#### EXTRACTED INFORMATION

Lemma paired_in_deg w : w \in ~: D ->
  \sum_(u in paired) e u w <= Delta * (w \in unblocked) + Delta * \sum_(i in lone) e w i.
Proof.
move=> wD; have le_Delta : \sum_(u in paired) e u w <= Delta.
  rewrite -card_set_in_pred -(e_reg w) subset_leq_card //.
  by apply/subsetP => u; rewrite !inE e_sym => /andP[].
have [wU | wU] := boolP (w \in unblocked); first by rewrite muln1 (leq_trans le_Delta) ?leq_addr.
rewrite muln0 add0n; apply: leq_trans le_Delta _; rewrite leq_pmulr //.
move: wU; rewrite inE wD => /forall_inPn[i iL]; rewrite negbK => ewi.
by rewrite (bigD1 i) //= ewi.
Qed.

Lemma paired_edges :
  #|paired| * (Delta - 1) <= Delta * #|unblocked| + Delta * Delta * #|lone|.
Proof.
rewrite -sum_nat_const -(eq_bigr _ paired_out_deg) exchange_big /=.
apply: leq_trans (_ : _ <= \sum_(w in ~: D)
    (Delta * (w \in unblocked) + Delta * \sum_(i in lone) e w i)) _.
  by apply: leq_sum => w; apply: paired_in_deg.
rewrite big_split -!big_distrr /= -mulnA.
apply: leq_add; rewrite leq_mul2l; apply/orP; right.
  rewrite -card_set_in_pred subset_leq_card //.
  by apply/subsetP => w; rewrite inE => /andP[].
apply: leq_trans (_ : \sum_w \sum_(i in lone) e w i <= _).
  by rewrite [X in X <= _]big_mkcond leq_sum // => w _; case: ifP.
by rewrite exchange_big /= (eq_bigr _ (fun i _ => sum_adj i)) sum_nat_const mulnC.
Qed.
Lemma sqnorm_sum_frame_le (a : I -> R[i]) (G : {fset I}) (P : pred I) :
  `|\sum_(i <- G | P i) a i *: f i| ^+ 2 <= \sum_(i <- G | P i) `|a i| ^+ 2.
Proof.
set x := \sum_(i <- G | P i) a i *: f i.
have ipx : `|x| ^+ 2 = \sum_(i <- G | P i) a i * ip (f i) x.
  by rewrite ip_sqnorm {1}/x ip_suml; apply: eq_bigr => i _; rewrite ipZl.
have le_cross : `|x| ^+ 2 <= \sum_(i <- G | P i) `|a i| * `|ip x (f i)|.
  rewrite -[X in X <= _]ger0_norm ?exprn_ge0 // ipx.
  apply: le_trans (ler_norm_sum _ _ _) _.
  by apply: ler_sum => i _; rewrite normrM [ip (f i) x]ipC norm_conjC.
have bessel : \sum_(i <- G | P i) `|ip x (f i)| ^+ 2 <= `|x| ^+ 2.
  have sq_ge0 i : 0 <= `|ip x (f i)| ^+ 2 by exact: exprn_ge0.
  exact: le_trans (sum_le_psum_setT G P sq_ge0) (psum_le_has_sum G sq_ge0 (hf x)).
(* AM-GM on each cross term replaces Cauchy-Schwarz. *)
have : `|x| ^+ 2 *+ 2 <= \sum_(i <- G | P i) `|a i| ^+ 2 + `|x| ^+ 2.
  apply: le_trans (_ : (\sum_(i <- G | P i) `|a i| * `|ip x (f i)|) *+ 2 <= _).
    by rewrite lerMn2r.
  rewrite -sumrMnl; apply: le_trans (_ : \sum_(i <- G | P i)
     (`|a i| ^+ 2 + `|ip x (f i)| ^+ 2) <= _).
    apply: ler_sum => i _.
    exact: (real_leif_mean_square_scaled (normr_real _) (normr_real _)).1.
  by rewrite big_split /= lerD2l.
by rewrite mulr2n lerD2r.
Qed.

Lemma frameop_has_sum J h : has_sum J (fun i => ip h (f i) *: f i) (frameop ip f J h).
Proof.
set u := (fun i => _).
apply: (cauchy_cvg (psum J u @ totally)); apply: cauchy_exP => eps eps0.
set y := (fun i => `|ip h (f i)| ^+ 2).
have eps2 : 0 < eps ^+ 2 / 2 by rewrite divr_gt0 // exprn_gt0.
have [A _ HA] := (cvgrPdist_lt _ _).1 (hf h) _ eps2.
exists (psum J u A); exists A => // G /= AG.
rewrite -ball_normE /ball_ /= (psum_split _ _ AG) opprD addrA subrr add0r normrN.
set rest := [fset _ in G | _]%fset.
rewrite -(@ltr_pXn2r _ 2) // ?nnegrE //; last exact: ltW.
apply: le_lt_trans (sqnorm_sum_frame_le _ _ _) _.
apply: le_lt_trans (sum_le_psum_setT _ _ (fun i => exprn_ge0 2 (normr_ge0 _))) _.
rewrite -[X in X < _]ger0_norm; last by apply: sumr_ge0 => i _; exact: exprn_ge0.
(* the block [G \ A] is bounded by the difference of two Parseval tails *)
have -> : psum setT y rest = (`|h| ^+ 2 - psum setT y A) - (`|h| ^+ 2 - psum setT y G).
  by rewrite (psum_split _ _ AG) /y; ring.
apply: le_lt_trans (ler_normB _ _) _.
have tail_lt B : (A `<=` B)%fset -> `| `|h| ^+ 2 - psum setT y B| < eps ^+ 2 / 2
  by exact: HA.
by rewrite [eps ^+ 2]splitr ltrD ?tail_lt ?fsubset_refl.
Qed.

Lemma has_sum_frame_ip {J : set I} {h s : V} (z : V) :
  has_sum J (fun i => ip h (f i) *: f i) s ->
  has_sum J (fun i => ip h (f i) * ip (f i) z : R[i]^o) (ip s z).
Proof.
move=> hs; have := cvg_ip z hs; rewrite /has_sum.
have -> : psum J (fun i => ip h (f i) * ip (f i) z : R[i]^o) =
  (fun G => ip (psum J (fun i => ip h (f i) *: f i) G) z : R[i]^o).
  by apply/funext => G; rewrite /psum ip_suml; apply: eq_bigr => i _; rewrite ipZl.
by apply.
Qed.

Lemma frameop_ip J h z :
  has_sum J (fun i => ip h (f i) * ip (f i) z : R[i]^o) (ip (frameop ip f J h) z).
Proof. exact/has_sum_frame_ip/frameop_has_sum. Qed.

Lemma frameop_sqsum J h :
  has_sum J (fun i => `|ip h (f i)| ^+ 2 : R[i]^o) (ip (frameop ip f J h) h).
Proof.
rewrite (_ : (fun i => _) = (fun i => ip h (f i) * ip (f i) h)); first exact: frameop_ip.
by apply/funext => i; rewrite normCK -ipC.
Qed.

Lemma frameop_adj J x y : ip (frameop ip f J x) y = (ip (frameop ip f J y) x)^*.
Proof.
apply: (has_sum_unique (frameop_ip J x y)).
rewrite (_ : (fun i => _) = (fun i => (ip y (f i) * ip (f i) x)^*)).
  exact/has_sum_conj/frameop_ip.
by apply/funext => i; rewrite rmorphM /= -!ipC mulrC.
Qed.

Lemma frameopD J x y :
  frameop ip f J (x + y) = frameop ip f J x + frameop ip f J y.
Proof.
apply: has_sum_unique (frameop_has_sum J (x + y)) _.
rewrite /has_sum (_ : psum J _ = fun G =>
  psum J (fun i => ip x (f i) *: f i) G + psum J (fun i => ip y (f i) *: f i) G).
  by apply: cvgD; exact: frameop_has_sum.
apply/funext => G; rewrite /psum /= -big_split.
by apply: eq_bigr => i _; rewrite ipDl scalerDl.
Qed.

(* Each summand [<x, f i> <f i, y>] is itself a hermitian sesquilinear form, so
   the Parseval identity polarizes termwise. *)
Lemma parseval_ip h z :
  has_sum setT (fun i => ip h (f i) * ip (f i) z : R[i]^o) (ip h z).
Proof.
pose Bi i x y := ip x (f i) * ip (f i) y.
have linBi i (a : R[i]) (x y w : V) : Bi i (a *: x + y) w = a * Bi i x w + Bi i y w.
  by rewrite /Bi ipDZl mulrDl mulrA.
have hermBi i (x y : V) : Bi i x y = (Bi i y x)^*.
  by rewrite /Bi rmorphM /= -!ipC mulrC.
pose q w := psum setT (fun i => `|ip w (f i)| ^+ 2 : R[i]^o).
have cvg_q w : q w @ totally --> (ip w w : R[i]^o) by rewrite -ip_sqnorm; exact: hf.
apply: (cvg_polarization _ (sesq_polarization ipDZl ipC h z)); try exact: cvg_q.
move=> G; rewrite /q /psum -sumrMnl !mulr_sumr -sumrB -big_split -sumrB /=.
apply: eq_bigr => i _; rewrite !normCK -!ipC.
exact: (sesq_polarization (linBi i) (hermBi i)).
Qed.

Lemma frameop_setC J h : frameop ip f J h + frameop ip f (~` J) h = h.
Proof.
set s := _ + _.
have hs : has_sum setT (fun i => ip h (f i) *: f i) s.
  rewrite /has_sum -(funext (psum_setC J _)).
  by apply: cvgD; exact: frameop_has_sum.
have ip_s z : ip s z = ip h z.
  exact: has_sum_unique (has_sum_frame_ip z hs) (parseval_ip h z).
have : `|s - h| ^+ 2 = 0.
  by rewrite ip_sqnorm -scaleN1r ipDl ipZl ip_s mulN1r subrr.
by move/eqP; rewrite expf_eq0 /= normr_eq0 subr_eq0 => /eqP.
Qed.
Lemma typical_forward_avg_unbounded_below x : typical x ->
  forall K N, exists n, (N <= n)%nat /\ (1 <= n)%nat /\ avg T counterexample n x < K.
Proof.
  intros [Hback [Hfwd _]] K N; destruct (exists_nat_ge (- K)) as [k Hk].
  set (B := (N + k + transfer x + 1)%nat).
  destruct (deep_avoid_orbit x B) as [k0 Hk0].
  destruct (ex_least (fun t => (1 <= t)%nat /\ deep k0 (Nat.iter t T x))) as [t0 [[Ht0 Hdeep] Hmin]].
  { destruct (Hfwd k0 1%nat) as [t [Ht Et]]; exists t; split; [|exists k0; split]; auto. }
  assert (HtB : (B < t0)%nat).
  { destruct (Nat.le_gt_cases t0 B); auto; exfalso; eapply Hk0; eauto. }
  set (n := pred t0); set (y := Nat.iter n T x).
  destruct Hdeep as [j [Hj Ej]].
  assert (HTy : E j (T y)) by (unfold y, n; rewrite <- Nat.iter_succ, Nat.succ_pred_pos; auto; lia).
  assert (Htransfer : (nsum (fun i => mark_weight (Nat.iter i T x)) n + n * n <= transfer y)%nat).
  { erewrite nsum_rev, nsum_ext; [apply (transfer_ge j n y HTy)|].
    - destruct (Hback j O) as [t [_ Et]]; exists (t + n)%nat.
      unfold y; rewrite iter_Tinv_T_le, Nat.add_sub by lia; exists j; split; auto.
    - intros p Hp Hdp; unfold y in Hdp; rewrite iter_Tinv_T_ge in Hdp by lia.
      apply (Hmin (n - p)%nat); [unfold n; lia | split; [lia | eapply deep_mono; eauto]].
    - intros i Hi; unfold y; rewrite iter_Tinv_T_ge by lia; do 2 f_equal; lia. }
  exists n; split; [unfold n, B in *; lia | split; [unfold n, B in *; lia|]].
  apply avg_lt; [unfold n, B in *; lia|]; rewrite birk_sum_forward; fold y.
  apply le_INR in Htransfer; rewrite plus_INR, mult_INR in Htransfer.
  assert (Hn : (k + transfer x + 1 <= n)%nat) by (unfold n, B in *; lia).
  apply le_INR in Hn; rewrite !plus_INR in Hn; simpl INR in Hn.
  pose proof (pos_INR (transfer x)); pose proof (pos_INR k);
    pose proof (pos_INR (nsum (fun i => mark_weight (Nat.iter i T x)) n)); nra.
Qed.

########
#### EXTRACTED INFORMATION

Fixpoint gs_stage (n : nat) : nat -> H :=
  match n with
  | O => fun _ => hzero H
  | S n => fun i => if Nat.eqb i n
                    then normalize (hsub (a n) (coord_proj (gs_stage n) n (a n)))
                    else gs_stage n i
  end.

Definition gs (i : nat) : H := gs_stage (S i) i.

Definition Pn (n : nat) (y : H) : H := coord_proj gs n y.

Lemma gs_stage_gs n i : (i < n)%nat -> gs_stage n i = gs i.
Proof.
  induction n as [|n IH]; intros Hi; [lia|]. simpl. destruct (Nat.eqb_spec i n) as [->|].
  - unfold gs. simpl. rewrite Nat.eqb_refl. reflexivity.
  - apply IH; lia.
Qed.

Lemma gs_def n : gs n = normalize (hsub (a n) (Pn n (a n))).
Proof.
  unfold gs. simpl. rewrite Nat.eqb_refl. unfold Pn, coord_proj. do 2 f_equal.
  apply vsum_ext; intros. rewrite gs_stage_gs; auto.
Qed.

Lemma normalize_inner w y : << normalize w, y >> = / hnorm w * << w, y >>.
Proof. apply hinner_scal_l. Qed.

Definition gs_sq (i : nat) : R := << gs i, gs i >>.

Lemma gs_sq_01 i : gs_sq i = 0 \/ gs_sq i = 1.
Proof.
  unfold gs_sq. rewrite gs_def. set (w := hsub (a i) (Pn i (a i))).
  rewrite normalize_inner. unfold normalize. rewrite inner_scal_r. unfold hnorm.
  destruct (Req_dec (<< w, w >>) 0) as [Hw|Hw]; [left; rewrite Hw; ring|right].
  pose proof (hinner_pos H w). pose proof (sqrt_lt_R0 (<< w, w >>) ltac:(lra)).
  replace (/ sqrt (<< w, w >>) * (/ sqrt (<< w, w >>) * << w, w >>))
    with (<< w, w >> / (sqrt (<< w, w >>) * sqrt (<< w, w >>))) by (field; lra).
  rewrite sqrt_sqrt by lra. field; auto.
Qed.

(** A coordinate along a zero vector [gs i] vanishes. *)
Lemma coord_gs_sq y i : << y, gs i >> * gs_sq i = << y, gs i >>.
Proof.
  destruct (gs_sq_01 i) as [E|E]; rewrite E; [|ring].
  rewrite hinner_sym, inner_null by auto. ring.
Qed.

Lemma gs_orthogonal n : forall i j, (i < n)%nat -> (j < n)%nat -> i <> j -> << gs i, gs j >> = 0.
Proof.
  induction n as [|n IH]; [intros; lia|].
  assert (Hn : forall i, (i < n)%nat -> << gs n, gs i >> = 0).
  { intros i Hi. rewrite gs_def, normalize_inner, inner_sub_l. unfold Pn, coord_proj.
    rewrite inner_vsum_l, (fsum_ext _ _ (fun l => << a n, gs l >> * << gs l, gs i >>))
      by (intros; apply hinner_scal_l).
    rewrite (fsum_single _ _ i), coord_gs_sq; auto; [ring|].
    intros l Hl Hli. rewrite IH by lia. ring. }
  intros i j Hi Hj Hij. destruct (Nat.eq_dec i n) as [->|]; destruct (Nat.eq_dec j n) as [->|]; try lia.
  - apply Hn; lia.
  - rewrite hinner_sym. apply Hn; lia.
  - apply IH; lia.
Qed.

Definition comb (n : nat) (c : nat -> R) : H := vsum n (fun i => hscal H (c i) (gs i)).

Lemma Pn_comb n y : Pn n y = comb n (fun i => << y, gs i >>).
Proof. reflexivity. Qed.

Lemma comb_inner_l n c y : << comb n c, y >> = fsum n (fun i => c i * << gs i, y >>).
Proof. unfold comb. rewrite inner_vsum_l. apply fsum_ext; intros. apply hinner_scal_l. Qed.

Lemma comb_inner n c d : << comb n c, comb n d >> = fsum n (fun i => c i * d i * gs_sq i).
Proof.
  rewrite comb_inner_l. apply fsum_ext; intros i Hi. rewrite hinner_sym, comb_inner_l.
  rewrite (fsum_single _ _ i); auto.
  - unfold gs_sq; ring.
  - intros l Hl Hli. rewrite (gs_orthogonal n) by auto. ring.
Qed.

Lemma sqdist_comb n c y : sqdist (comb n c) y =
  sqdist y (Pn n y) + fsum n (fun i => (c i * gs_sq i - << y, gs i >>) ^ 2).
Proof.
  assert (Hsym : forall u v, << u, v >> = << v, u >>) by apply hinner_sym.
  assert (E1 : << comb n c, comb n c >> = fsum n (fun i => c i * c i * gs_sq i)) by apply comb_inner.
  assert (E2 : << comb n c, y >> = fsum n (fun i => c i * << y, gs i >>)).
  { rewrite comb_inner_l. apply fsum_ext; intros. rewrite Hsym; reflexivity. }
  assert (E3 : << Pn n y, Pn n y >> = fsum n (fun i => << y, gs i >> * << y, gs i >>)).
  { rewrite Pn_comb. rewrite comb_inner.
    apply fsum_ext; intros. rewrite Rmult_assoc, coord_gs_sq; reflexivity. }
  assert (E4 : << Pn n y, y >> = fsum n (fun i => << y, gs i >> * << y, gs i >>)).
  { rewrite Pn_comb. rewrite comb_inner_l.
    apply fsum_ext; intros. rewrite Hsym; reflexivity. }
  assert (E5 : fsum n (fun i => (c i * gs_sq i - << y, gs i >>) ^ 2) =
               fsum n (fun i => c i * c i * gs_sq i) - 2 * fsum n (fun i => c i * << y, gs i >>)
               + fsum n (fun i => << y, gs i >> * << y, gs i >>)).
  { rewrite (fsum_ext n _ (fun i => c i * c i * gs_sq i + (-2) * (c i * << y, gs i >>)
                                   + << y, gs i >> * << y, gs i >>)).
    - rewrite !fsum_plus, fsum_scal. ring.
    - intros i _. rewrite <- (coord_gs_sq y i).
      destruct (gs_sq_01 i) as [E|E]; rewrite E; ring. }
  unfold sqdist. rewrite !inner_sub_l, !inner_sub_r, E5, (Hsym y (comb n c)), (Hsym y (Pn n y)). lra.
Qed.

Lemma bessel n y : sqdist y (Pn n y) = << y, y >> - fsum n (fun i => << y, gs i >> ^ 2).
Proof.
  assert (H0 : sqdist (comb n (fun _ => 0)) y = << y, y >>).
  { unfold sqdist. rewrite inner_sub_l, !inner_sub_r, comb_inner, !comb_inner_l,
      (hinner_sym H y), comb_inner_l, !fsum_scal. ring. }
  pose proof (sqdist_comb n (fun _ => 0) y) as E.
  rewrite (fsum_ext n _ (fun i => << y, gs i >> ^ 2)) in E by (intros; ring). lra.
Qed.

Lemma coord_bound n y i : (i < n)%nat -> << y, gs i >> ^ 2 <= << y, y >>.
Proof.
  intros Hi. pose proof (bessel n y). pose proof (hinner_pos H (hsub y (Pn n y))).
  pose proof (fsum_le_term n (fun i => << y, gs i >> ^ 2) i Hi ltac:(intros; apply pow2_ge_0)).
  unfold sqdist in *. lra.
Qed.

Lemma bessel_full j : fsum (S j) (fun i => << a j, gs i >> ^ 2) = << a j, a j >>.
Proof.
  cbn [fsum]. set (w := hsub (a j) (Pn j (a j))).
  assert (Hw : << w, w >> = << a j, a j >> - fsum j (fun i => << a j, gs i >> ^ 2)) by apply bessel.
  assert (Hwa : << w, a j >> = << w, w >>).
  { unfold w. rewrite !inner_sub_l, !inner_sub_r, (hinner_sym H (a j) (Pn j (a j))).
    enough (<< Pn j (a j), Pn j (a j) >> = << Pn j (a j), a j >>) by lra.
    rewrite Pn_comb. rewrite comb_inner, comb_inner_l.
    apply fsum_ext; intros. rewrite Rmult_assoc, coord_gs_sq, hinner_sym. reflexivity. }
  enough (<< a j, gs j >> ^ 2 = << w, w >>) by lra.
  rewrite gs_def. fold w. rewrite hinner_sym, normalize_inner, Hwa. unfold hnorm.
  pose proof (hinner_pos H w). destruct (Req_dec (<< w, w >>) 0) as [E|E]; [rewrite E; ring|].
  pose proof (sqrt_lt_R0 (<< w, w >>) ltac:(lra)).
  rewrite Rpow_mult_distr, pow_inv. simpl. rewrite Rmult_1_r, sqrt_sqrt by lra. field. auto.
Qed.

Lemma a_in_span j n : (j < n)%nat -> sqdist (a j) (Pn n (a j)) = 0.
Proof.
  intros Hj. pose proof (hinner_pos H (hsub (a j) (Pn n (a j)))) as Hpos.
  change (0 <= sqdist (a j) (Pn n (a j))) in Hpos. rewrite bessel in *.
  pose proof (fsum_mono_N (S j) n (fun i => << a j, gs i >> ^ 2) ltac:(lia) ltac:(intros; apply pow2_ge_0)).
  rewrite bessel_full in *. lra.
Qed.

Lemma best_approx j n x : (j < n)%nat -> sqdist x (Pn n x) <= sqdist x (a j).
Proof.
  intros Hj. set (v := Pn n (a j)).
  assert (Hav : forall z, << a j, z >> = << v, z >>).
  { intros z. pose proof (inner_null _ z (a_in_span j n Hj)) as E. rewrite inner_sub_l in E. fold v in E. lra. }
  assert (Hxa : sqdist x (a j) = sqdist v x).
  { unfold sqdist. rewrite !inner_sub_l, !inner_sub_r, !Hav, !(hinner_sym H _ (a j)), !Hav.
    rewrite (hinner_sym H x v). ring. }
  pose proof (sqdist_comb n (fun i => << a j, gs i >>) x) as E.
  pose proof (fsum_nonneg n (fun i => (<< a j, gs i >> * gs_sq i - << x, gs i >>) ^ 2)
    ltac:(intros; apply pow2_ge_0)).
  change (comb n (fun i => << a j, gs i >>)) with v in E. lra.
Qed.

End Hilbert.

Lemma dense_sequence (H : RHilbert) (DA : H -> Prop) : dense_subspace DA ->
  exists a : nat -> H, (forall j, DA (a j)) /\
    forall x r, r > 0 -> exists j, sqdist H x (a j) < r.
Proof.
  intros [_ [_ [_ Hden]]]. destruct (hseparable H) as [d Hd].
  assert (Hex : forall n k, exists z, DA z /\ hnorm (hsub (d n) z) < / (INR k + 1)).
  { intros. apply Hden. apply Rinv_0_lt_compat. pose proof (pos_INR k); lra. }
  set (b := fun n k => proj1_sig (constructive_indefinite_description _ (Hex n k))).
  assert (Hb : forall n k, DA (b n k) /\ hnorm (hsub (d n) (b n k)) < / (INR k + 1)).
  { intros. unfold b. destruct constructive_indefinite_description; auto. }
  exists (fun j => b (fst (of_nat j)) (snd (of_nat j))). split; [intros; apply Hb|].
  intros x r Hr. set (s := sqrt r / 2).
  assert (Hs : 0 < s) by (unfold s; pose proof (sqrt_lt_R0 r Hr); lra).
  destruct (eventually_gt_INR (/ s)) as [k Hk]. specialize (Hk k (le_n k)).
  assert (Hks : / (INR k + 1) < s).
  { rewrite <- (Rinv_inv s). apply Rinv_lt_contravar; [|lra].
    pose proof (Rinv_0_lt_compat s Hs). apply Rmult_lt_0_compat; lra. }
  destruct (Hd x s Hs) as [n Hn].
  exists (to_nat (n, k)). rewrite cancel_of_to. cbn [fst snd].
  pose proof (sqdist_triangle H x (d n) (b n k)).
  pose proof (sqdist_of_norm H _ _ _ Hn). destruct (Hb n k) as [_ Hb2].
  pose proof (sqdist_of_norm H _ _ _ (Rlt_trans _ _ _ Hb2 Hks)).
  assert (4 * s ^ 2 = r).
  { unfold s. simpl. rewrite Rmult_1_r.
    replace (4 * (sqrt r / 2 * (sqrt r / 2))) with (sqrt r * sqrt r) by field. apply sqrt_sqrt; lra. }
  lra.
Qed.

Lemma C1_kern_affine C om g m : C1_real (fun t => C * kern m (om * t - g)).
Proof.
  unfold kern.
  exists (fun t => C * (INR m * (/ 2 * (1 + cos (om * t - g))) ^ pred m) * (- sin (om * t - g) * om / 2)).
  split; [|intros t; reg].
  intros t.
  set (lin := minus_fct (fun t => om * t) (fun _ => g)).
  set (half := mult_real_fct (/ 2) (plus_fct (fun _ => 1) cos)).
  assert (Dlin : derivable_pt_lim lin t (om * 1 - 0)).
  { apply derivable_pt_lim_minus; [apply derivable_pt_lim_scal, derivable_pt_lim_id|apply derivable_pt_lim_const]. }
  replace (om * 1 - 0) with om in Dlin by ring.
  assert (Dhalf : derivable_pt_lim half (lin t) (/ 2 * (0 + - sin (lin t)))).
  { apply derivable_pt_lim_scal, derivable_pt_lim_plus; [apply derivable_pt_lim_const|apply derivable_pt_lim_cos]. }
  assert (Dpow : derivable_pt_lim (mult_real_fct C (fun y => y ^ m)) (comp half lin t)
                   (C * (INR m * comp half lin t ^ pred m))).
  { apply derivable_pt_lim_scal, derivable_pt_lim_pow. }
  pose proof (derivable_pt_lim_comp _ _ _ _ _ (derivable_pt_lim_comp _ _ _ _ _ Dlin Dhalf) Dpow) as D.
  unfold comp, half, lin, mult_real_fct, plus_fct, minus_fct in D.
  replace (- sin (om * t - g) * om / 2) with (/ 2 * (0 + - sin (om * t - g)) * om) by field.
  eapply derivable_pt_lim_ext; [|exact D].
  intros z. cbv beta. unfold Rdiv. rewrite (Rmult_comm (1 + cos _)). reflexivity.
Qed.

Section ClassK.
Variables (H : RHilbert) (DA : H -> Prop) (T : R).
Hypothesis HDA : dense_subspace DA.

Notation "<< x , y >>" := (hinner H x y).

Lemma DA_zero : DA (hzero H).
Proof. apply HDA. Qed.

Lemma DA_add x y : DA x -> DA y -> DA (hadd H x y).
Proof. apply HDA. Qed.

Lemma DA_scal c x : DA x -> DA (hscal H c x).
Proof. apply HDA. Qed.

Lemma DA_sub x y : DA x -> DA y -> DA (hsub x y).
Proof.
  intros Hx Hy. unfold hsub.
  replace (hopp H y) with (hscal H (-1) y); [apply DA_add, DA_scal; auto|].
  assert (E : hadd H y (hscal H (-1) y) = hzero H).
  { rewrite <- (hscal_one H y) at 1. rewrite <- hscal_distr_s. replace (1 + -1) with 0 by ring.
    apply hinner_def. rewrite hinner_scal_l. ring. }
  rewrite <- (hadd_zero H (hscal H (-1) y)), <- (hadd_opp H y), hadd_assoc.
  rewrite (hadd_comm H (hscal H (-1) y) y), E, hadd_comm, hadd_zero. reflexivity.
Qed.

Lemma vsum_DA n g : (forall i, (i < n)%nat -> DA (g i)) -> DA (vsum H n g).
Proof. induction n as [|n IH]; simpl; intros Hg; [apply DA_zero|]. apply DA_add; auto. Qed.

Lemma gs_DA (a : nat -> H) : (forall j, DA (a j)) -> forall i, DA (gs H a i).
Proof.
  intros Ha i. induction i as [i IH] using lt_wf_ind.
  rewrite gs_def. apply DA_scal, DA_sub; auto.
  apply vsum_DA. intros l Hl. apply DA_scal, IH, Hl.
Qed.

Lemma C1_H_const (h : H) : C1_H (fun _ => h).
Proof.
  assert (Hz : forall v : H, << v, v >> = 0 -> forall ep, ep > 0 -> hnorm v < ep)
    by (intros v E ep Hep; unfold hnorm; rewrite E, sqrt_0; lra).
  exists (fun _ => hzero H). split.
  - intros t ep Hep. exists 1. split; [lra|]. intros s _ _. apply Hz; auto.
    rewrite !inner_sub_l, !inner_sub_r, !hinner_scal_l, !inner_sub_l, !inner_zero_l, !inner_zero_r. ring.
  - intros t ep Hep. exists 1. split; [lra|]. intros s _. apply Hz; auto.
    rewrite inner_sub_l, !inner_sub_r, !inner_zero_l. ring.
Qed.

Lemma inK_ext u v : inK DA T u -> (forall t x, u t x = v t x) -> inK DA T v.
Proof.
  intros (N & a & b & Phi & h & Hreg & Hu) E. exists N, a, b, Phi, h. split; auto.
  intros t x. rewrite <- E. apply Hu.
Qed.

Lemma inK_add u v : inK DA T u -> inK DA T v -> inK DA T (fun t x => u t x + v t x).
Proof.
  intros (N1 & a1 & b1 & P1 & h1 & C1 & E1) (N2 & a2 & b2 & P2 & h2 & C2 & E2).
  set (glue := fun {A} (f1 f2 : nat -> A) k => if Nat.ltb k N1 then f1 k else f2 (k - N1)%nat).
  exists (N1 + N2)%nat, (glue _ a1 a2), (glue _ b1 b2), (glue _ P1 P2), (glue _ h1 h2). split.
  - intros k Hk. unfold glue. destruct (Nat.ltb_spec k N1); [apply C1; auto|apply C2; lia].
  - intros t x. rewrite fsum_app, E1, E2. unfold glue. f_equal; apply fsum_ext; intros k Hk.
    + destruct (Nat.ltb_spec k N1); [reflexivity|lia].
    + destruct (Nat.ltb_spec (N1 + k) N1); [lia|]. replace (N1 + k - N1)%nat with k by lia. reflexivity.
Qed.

########

**TASK DETAILS**
In the material above, transcribe exactly the lines beginning at the one with "(** A coordinate" and ending at the one with "assert (E1 : <<", both included.

**SOLUTION TO THIS PROBLEM**
(** A coordinate along a zero vector [gs i] vanishes. *)
Lemma coord_gs_sq y i : << y, gs i >> * gs_sq i = << y, gs i >>.
Proof.
  destruct (gs_sq_01 i) as [E|E]; rewrite E; [|ring].
  rewrite hinner_sym, inner_null by auto. ring.
Qed.

Lemma gs_orthogonal n : forall i j, (i < n)%nat -> (j < n)%nat -> i <> j -> << gs i, gs j >> = 0.
Proof.
  induction n as [|n IH]; [intros; lia|].
  assert (Hn : forall i, (i < n)%nat -> << gs n, gs i >> = 0).
  { intros i Hi. rewrite gs_def, normalize_inner, inner_sub_l. unfold Pn, coord_proj.
    rewrite inner_vsum_l, (fsum_ext _ _ (fun l => << a n, gs l >> * << gs l, gs i >>))
      by (intros; apply hinner_scal_l).
    rewrite (fsum_single _ _ i), coord_gs_sq; auto; [ring|].
    intros l Hl Hli. rewrite IH by lia. ring. }
  intros i j Hi Hj Hij. destruct (Nat.eq_dec i n) as [->|]; destruct (Nat.eq_dec j n) as [->|]; try lia.
  - apply Hn; lia.
  - rewrite hinner_sym. apply Hn; lia.
  - apply IH; lia.
Qed.

Definition comb (n : nat) (c : nat -> R) : H := vsum n (fun i => hscal H (c i) (gs i)).

Lemma Pn_comb n y : Pn n y = comb n (fun i => << y, gs i >>).
Proof. reflexivity. Qed.

Lemma comb_inner_l n c y : << comb n c, y >> = fsum n (fun i => c i * << gs i, y >>).
Proof. unfold comb. rewrite inner_vsum_l. apply fsum_ext; intros. apply hinner_scal_l. Qed.

Lemma comb_inner n c d : << comb n c, comb n d >> = fsum n (fun i => c i * d i * gs_sq i).
Proof.
  rewrite comb_inner_l. apply fsum_ext; intros i Hi. rewrite hinner_sym, comb_inner_l.
  rewrite (fsum_single _ _ i); auto.
  - unfold gs_sq; ring.
  - intros l Hl Hli. rewrite (gs_orthogonal n) by auto. ring.
Qed.

Lemma sqdist_comb n c y : sqdist (comb n c) y =
  sqdist y (Pn n y) + fsum n (fun i => (c i * gs_sq i - << y, gs i >>) ^ 2).
Proof.
  assert (Hsym : forall u v, << u, v >> = << v, u >>) by apply hinner_sym.
  assert (E1 : << comb n c, comb n c >> = fsum n (fun i => c i * c i * gs_sq i)) by apply comb_inner.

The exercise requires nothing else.